What advantages can this bring? Well, one gram of DNA can store 215 petabytes (PB). While conventional hard drives last for an average of 5fiveyears, DNA is far more resilient – in fact, it is one of the most stable chemicals found on Earth, being found preserved in remains thousands of years old, despite harsh conditions. Some have even called DNA apocalypse proof! If humanity suffers a disaster, then future generations will be able to access the information stored on DNA memory sticks to recreate our civilization.

So, why is DNA storage not yet mainstream? Because both the steps of chemically synthesizing DNA and sequencing are slow processes – very slow compared to the lightning fast information storage and retrieval we are used to. Furthermore, the sequencing process is error prone, with the error increasing with increasing lengths of DNA. The other issue is that sequencing is a linear, end to end process and, without a robust encoding scheme, it is very challenging to retrieve make data randomly accessible. For example, if you wanted to find a key passage on a book written on DNA then you will have to read it all and can’t simply skip to the passage of interest. Smart primer design might help with this, but only works well in a minority of cases.

“Why is DNA storage not mainstream? Because both synthesising and sequencing DNA are very slow sequences”

The challenges have not deterred Microsoft from investing. In an interview with MIT Technology Review last year, Microsoft unveiled their plan of developing “proto-commercial system in three years” which can be used at their data centers. Though they can’t be used for quick retrieval of information, they can act as valuable back-up for archived data. In July 2016, Microsoft, in collaboration with University of Washington, stored 200 megabytes of data in DNA, including a music video. 200 MB might appear much lower than what is desired, but the real limit is cost, and not science. According to the estimates by MIT Tech review, the project would have cost US$ 800,000 were supplies bought from the open market. To reduce cost, Microsoft partnered with Twist Bioscience, a synthetic biology start-up. Twist Bioscience, using their proprietary synthesis technology, provides rapid and cost-effective DNA on demand to Microsoft for their data compression ambition.

The nucleus is the powerhouse of data storage // Flickr/ZIESS Microscopy

Though Microsoft may be the only tech giant ringing DNA-based storage’s praises, academics remain excited by the possibilities. Dr. Nick Goldman at European Bioinformatics Institute is driving research to make DNA data storage reliable and competent. In 2013, a year after Church’s proof of concept, he developed an improved strategy to encode digital data into biological text. His technique had an error checking procedure to ensure that data can be both reliably encrypted as well as interpreted. Using this they were able to store 739 kB of data on DNA and retrieve it with 100% accuracy!

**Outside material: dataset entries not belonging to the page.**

Lemma occurs_vw_wS m S l : 1 <= l <= 12 * m ->
  exists P1 P2, forall p, occurs_at (wS m S) (vw l) p -> p = P1 \/ p = P2.
Proof.
move=> rng_l; rewrite wS_flatten; apply: occurs_vw_twice; first exact: pieces_wS_pieces.
by apply: count_vw_wS_pieces; lia.
Qed.

Lemma a1_notin_vw l : a1 \notin vw l.
Proof. by rewrite /vw !(inE, mem_cat, mem_nseq, andbF). Qed.

Lemma c1_notin_Ww jj : c1 \notin Ww jj.
Proof. by apply/flattenP => -[u /mapP [j _ ->]]; rewrite !(inE, mem_cat, mem_nseq, andbF). Qed.

Section Computation.
Variables (w : word) (tq : nat -> seq nat).
Hypothesis valid : forall t, t < size w -> valid_step w tq t.

Lemma drop_nth s (u rest : word) : drop s w = u ++ rest ->
  forall j, j < size u -> nth a1 w (s + j) = nth a1 u j.
Proof. by move=> drop_w j lt_j; rewrite -nth_drop drop_w nth_cat lt_j. Qed.

Lemma drop_valid s (u rest : word) : drop s w = u ++ rest ->
  forall j, j < size u -> valid_step w tq (s + j).
Proof.
move=> drop_w j lt_j; apply: valid.
by have := f_equal size drop_w; rewrite size_drop size_cat; lia.
Qed.

Lemma tq_push_run s (u rest : word) q0 Q : drop s w = u ++ rest ->
  tq s = q0 :: Q -> nth a1 w q0 \notin u ->
  tq (s + size u) = q0 :: Q ++ iota s (size u).
Proof.
move=> drop_w tq_s q0_u.
suff: forall j, j <= size u -> tq (s + j) = q0 :: Q ++ iota s j by apply.
elim=> [|j IH] lt_j; first by rewrite addn0 tq_s cats0.
case: (drop_valid drop_w lt_j) => [push | [q [pop same_sym]]].
- by rewrite addnS push IH ?(ltnW lt_j) // -addn1 iotaD cats1 rcons_cons rcons_cat.
- move: pop; rewrite IH ?(ltnW lt_j) // => -[eq_q _]; subst q.
  by move: q0_u; rewrite same_sym (drop_nth drop_w lt_j) mem_nth.
Qed.

(* Reading a factor D that does not contain the symbol of the marker v0: the
   symbols of D split, by some mask, into those matched against the queue
   segment X in front of the marker and those enqueued behind it. *)
Lemma tq_pass_invariant s (D rest : word) X v0 V : drop s w = D ++ rest ->
  tq s = X ++ v0 :: V -> nth a1 w v0 \notin D ->
  forall j, j <= size D -> exists mb j' R, [/\ size mb = j,
    tq (s + j) = drop j' X ++ v0 :: V ++ R,
    mask mb (take j D) = map (nth a1 w) (take j' X) &
    mask (map negb mb) (take j D) = map (nth a1 w) R].
Proof.
move=> drop_w tq_s v0_D; elim=> [|j IH] lt_j.
  by exists [::], 0, [::]; split; rewrite ?addn0 ?tq_s ?drop0 ?take0 ?cats0.
have [mb [j' [R [size_mb tq_j mask_X mask_R]]]] := IH (ltnW lt_j).
have size_mbD : size mb = size (take j D) by rewrite size_take lt_j.
rewrite (take_nth a1 lt_j) -(drop_nth drop_w lt_j).
case: (drop_valid drop_w lt_j) => [push | [q [pop same_sym]]].
- exists (rcons mb false), j', (rcons R (s + j)); split.
  + by rewrite size_rcons size_mb.
  + by rewrite addnS push tq_j rcons_cat rcons_cons rcons_cat.
  + by rewrite mask_rcons // cats0.
  + by rewrite map_rcons mask_rcons ?size_map // mask_R map_rcons cats1.
- move: pop; rewrite tq_j; case def_X: (drop j' X) => [|x X'] /= [eq_q tq_j1]; subst q.
    by move: v0_D; rewrite same_sym (drop_nth drop_w lt_j) mem_nth.
  have lt_j'X : j' < size X by rewrite ltnNge -subn_eq0 -size_drop def_X.
  have nth_X : nth 0 X j' = x by rewrite -[j']addn0 -nth_drop def_X.
  exists (rcons mb true), j'.+1, R; split.
  + by rewrite size_rcons size_mb.
  + by rewrite addnS -tq_j1 -add1n -drop_drop def_X drop1.
  + by rewrite mask_rcons // mask_X (take_nth 0 lt_j'X) map_rcons nth_X same_sym cats1.
  + by rewrite map_rcons mask_rcons ?size_map // cats0.
Qed.

Lemma tq_pass s (D rest : word) X v0 V R : drop s w = D ++ rest ->
  tq s = X ++ v0 :: V -> tq (s + size D) = v0 :: V ++ R ->
  nth a1 w v0 \notin D -> nth a1 w v0 \notin map (nth a1 w) X ->
  exists mb, [/\ size mb = size D, mask mb D = map (nth a1 w) X &
                mask (map negb mb) D = map (nth a1 w) R].
Proof.
move=> drop_w tq_s tq_e v0_D v0_X.
have [mb [j' [R' [size_mb]]]] := tq_pass_invariant drop_w tq_s v0_D (leqnn _).
rewrite tq_e !take_size; case def_X: (drop j' X) => [|x X'] /= [].
- move=> /(f_equal (drop (size V))); rewrite !drop_size_cat // => <- mask_X mask_R.
  exists mb; split => //; rewrite mask_X take_oversize //.
  by rewrite -subn_eq0 -size_drop def_X.
- move=> eq_x; subst x; have: v0 \in X by rewrite -(cat_take_drop j' X) mem_cat def_X mem_head orbT.
  by move=> /(map_f (nth a1 w)); rewrite (negbTE v0_X).
Qed.

Lemma drop_shift s (u rest : word) : drop s w = u ++ rest -> drop (s + size u) w = rest.
Proof. by move=> drop_w; rewrite addnC -drop_drop drop_w drop_size_cat. Qed.

Lemma tq_round_Ww s l n r jj (rest : word) : size jj = r ->
  drop s w = vw l ++ wpow (Uw n) r ++ vw l ++ rest ->
  tq (s + size (vw l) + size (wpow (Uw n) r)) =
    iota s (size (vw l)) ++ tq (s + size (vw l) + size (wpow (Uw n) r) + size (vw l)) ->
  0 < r -> queue_at w tq s = Ww jj ->
  (forall j, j \in jj -> j <= n) /\
  queue_at w tq (s + size (vw l) + size (wpow (Uw n) r) + size (vw l)) =
    Ww [seq n - j | j <- jj].
Proof.
move=> <-; set v := vw l; set D := wpow _ _ => drop_w pops size_gt0 queue_s.
have [q0 [Q [tq_s q0_a1]]] : exists q0 Q, tq s = q0 :: Q /\ nth a1 w q0 = a1.
  move: size_gt0 queue_s; rewrite /queue_at; case: (jj) => // i jj' _; rewrite Ww_cons.
  by case: (tq s) => // q0 Q [q0_a1 _]; exists q0, Q.
have q0_v : nth a1 w q0 \notin v by rewrite q0_a1 a1_notin_vw.
have pushes := tq_push_run drop_w tq_s q0_v.
have iota_v : iota s (size v) = s :: iota s.+1 (size v).-1 by rewrite /v size_vw.
have s_c1 : nth a1 w s = c1 by rewrite -[s]addn0 (drop_nth drop_w) // /v size_vw.
have tq_D : tq (s + size v) = (q0 :: Q) ++ s :: iota s.+1 (size v).-1.
  by rewrite pushes iota_v.
have tq_e : tq (s + size v + size D) =
    s :: iota s.+1 (size v).-1 ++ tq (s + size v + size D + size v).
  by rewrite pops iota_v.
have c1_D : nth a1 w s \notin D by rewrite s_c1 c1_notin_wpow ?c1_notin_Uw.
have c1_W : nth a1 w s \notin map (nth a1 w) (q0 :: Q).
  by rewrite s_c1 -tq_s -/(queue_at w tq s) queue_s c1_notin_Ww.
have [mb [size_mb mask_W mask_R]] := tq_pass (drop_shift drop_w) tq_D tq_e c1_D c1_W.
move: mask_W; rewrite -tq_s -/(queue_at w tq s) queue_s => mask_W.
have [le_jj <-] := mask_wpowUw_Ww size_mb mask_W.
by split; last rewrite mask_R.
Qed.

End Computation.

Lemma VCondition_pops m S tq l s s' : VCondition m S tq -> 1 <= l <= 12 * m ->
  first_occ (wS m S) (vw l) = s -> second_occ (wS m S) (vw l) = s' ->
  tq s' = iota s (size (vw l)) ++ tq (s' + size (vw l)).
Proof.
move=> vcond rng_l first_s second_s'.
suff: forall j, j <= size (vw l) -> tq s' = iota s j ++ tq (s' + j) by apply.
elim=> [|j IH] lt_j; first by rewrite addn0.
have := vcond l rng_l j lt_j; rewrite /matched first_s second_s' => pop.
by rewrite IH ?(ltnW lt_j) // pop addnS -[j.+1]addn1 iotaD -catA.
Qed.

Lemma VCondition_matched_vw m S tq l s s' (rest rest' : word) :
  VCondition m S tq -> 1 <= l <= 12 * m ->
  drop s (wS m S) = vw l ++ rest -> drop s' (wS m S) = vw l ++ rest' ->
  s + size (vw l) <= s' ->
  tq s' = iota s (size (vw l)) ++ tq (s' + size (vw l)).
Proof.
move=> vcond rng_l drop_s drop_s' le_ss'.
have lt_ss' : s < s' by move: le_ss'; rewrite size_vw; lia.
have occ_s' := occurs_at_drop drop_s'.
have vw_gt0 : 0 < size (vw l) by rewrite size_vw.
have lt_s'w : s' < size (wS m S).
  by apply: leq_trans (occurs_at_size vw_gt0 occ_s'); rewrite -addn1 leq_add2l.
have [first_s second_s'] :=
  first_second_occ (occurs_vw_wS S rng_l) (occurs_at_drop drop_s) occ_s' lt_ss' lt_s'w.
exact: VCondition_pops vcond rng_l first_s second_s'.
Qed.

Lemma accepting_Xw m S k (ii : seq nat) tq t (T W' : word) :
  1 <= k <= 3 * m -> size ii = 3 * m - k + 1 ->
  accepting (wS m S) tq -> VCondition m S tq ->
  config_at (wS m S) tq t = (Ww ii, Xw m S k ++ T) ->
  config_at (wS m S) tq (t + size (Xw m S k)) = (W', T) ->
  W' = Ww ii /\ (forall j, j \in ii -> j <= nS S k).
Proof.
move=> rng_k size_ii [_ _ valid] vcond /pair_equal_spec [queue_t drop_t].
move=> /pair_equal_spec [queue_e _].
set n := nS S k; set r := size ii.
have D_r : Dw m S k = wpow (Uw n) r by rewrite /r size_ii.
have size_X : size (Xw m S k) = size (vw (4 * k - 3)) + size (wpow (Uw n) r) +
    size (vw (4 * k - 3)) + size (vw (4 * k - 2)) + size (wpow (Uw n) r) + size (vw (4 * k - 2)).
  by rewrite -[Xw m S k]cats0 Xw_catE D_r !size_cat /= addn0 !addnA.
rewrite Xw_catE D_r in drop_t.
have drop_t2 := drop_shift (drop_shift drop_t).
have drop_t3 := drop_shift drop_t2.
have drop_t4 := drop_shift (drop_shift drop_t3).
have rng1 : 1 <= 4 * k - 3 <= 12 * m by lia.
have rng2 : 1 <= 4 * k - 2 <= 12 * m by lia.
have pops1 := VCondition_matched_vw vcond rng1 drop_t drop_t2 (leq_addr _ _).
have pops2 := VCondition_matched_vw vcond rng2 drop_t3 drop_t4 (leq_addr _ _).
have r_gt0 : 0 < r by rewrite /r size_ii addn1.
have [le_ii queue_t3] := tq_round_Ww valid (erefl r) drop_t pops1 r_gt0 queue_t.
have [_] := tq_round_Ww valid (size_map _ ii) drop_t3 pops2 r_gt0 queue_t3.
rewrite map_subnK // -queue_e size_X !addnA => ->.
by split.
Qed.

Theorem lemma6 (m : nat) (S : seq nat) (k : nat) (ii : seq nat) :
  is3Part m S -> 1 <= k <= 3 * m -> size ii = 3 * m - k + 1 ->
  (forall (tq : nat -> seq nat) (t : nat) (T W' : seq sym),
      accepting (wS m S) tq -> VCondition m S tq ->
      config_at (wS m S) tq t = (Ww ii, Xw m S k ++ T) ->
      config_at (wS m S) tq (t + size (Xw m S k)) = (W', T) ->
      W' = Ww ii /\ (forall j, j \in ii -> j <= nS S k))
  /\
  ((forall j, j \in ii -> j <= nS S k) ->
      forall T : seq sym, steps (Ww ii, Xw m S k ++ T) (Ww ii, T)).
Proof.
move=> _ rng_k size_ii; split.
- by move=> tq t T W'; apply: accepting_Xw.
- exact: steps_Xw.
Qed.
Lemma le_condH v (Pi A : {set Var}) :
  Pi \subset A -> condH P X v A <= condH P X v Pi.
Proof.
by move=> sPA; have := Hent_submod [set v] sPA; rewrite /condH !(setUC _ [set v]).
Qed.

Lemma condH_replace_parent v a b (A Pi : {set Var}) : a \in A -> Pi \subset b |: A ->
  condH P X v A <= condH P X v Pi + condH P X b [set a].
Proof.
move=> aA sPi; have hvb := le_condH v sPi.
have hb : Hent P X (b |: A) - Hent P X A <= condH P X b [set a].
  have := Hent_submod [set b] (_ : [set a] \subset A).
  by rewrite sub1set !(setUC _ [set b]); apply.
have hv : Hent P X (v |: A) <= Hent P X (v |: (b |: A)).
  by rewrite le_Hent // setUCA subsetUr.
move: hvb hb; rewrite /condH; lra.
Qed.

Lemma condH_le_proxy a b (Pi : {set Var}) :
  condH P X a Pi <= condH P X b Pi + condH P X a [set b].
Proof.
have hab : condH P X a (b |: Pi) <= condH P X a [set b].
  by rewrite le_condH // sub1set setU11.
have ha : Hent P X (a |: Pi) <= Hent P X (a |: (b |: Pi)).
  by rewrite le_Hent // setUCA subsetUr.
move: hab; rewrite /condH; lra.
Qed.

End Entropy.

Section Acyclic.
Variable V : finType.
Implicit Types r : rel V.

Definition acyclic r := forall u v, r u v -> ~~ connect r v u.

Lemma connect_from_sink r s z : (forall v, ~~ r s v) -> connect r s z -> z = s.
Proof.
move=> sink /connectP [[|y p] /=]; first by move=> _ ->.
by rewrite (negPf (sink y)).
Qed.

Lemma connect_neq_step r x y : connect r x y -> x != y -> exists2 z, r x z & connect r z y.
Proof.
case/connectP => [[|z p]] /=; first by move=> _ ->; rewrite eqxx.
by case/andP => rxz pz ->; exists z => //; apply/connectP; exists p.
Qed.

Lemma connect_avoid_sink r s x z : (forall v, ~~ r s v) -> z != s ->
  connect r x z -> connect [rel u v | r u v && (v != s)] x z.
Proof.
move=> sink zs /connectP [p]; elim: p x => [|y p IH] x /=; first by move=> _ ->.
case/andP => rxy py lz; have ys : y != s.
  apply: contraNneq zs => ys; rewrite lz; move: py {IH lz}; rewrite ys.
  by case: p => [|y' p] //=; rewrite (negPf (sink y')).
by apply: connect_trans (connect1 _) (IH _ py lz); rewrite /= rxy.
Qed.

Lemma eq_connect_sink r r' s x z : (forall u v, v != s -> r u v = r' u v) ->
  (forall v, ~~ r s v) -> (forall v, ~~ r' s v) -> z != s ->
  connect r x z = connect r' x z.
Proof.
move=> req sr sr' zs.
have sub r1 r2 : (forall u v, v != s -> r1 u v -> r2 u v) -> (forall v, ~~ r1 s v) ->
    connect r1 x z -> connect r2 x z.
  move=> r12 s1 /(connect_avoid_sink s1 zs); apply: connect_sub => u v /andP [r1uv vs].
  exact/connect1/r12.
by apply/idP/idP; apply: sub => // u v vs; rewrite req.
Qed.

Lemma acyclic_contract r r' (f : V -> V) : acyclic r ->
  (forall x y, r' x y -> exists2 z, r (f x) z & connect r z (f y)) -> acyclic r'.
Proof.
move=> acr hf u v /hf [z rz czv]; apply/negP => cvu.
have cf x y : connect r' x y -> connect r (f x) (f y).
  move=> /connectP [p pth ->]; elim: p x pth => //= y' p IH x /andP [/hf [z' rz' cz'] /IH].
  exact/connect_trans/(connect_trans (connect1 rz') cz').
by move: (acr _ _ rz); rewrite (connect_trans czv (cf _ _ cvu)).
Qed.

Lemma acyclic_add_edge r u v : acyclic r -> ~~ connect r v u ->
  acyclic [rel x y | r x y || (x == u) && (y == v)].
Proof.
move=> acr nvu; set r' := [rel x y | _].
have split_path x y : connect r' x y ->
    connect r x y \/ connect r x u /\ connect r v y.
  move=> /connectP [p pth ->] {y}; elim: p x pth => [|y p IH] x /=; first by left.
  case/andP => /orP [rxy | /andP [/eqP -> /eqP ->]] /IH [cy | [cu cv]].
  - by left; apply: connect_trans (connect1 rxy) cy.
  - by right; split; first apply: connect_trans (connect1 rxy) cu.
  - by right.
  - by right.
move=> x y /orP [rxy | /andP [/eqP -> /eqP ->]]; apply/negP => /split_path.
  case=> [cyx | [cyu cvx]]; first by move: (acr _ _ rxy); rewrite cyx.
  by move: nvu; rewrite (connect_trans cvx (connect_trans (connect1 rxy) cyu)).
by case=> [cvu | [cvu _]]; rewrite cvu in nvu.
Qed.

End Acyclic.

Section AddSink.
Variable Var : finType.
Implicit Types (pa : {ffun Var -> {set Var}}) (S Q : {set Var}).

“The latest findings are collapsing down the barriers between the IT revolution and the biotechnology revolution”

Their encryption included all 154 of Shakespeare’s sonnets, a 26-second audio clip of Martin Luther King’s “I have a dream”, and the classic paper on the structure of DNA by Watson and Crick. The latest research, published last year, from the joint efforts of Columbia University and the New York Genome Center, was able to push the envelope even further by encoding an operating system, movies, and other such files amassing to a total of 2.14 GB which they were able to retrieve perfectly. The future may well be written in DNA. Nick Goldman has even bet on it! At the 2015 World Economic Forum, he wagered a single bitcoin: The Davos Challenge, as it is called, is to decode the bitcoin encrypted in the vial of DNA distributed to the audience. The winner shall claim the hidden bitcoin if it is found before 21st of this month.

The current century witnesses two major revolutions – the information technology revolution and the biotechnology revolution. Both of them have changed the world in unimaginable ways. With these latest findings, the boundary between these distant fields is breaking down and the future is bright with remarkable possibilities.